[WHAT IS NEEDED]:
Using the records below, copy every line that holds the string "Lemma".

__________

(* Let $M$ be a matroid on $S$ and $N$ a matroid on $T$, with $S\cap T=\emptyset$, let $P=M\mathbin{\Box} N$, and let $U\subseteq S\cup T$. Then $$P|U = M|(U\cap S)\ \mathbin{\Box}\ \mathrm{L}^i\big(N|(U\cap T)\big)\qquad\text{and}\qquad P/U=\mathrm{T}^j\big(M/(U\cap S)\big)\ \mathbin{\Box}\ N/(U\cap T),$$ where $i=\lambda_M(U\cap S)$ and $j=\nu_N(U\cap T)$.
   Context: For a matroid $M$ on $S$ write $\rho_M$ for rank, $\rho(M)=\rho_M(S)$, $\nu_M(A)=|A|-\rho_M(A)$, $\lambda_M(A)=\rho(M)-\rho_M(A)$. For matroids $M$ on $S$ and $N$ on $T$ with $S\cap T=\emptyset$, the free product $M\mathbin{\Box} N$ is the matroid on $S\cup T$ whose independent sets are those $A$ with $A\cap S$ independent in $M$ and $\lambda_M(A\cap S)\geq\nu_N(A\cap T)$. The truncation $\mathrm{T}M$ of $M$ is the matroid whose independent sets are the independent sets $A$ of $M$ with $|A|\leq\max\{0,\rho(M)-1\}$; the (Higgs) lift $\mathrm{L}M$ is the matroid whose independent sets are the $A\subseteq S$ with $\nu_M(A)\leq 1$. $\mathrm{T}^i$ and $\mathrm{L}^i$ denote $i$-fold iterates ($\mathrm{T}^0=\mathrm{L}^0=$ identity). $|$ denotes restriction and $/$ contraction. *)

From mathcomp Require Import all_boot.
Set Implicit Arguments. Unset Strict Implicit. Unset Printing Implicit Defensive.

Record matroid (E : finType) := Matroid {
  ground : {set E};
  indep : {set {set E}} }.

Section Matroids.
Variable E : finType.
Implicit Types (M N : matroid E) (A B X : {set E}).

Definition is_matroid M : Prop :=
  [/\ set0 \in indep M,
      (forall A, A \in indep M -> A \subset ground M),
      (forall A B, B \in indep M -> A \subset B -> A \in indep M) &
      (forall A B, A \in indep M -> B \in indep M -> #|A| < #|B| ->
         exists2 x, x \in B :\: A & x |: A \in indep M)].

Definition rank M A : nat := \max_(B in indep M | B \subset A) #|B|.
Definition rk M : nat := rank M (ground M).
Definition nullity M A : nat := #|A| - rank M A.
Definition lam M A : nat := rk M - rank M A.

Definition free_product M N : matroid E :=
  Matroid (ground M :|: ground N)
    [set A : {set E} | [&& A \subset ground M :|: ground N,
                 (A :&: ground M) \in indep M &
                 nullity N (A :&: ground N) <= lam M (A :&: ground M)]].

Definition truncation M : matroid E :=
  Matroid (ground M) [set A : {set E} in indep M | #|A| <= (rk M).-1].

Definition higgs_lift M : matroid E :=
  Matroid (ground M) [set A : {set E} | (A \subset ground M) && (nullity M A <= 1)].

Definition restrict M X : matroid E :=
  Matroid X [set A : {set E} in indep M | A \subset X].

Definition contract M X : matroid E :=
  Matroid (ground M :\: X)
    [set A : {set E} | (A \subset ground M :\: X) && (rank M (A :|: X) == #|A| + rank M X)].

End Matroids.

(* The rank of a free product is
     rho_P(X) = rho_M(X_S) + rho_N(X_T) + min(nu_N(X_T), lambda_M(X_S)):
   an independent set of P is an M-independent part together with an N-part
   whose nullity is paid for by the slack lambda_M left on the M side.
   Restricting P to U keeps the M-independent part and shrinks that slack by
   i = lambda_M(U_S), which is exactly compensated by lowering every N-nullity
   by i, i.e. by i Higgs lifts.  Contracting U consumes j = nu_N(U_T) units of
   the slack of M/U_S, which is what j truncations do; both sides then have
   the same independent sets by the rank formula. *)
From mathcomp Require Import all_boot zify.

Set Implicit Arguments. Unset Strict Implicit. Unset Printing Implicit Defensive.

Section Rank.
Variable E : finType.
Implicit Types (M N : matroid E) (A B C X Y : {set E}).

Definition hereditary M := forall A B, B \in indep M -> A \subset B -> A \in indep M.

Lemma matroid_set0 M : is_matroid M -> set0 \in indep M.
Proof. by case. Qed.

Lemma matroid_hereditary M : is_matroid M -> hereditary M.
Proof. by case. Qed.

__________

[RESULT]:
Lemma matroid_set0 M : is_matroid M -> set0 \in indep M.
Lemma matroid_hereditary M : is_matroid M -> hereditary M.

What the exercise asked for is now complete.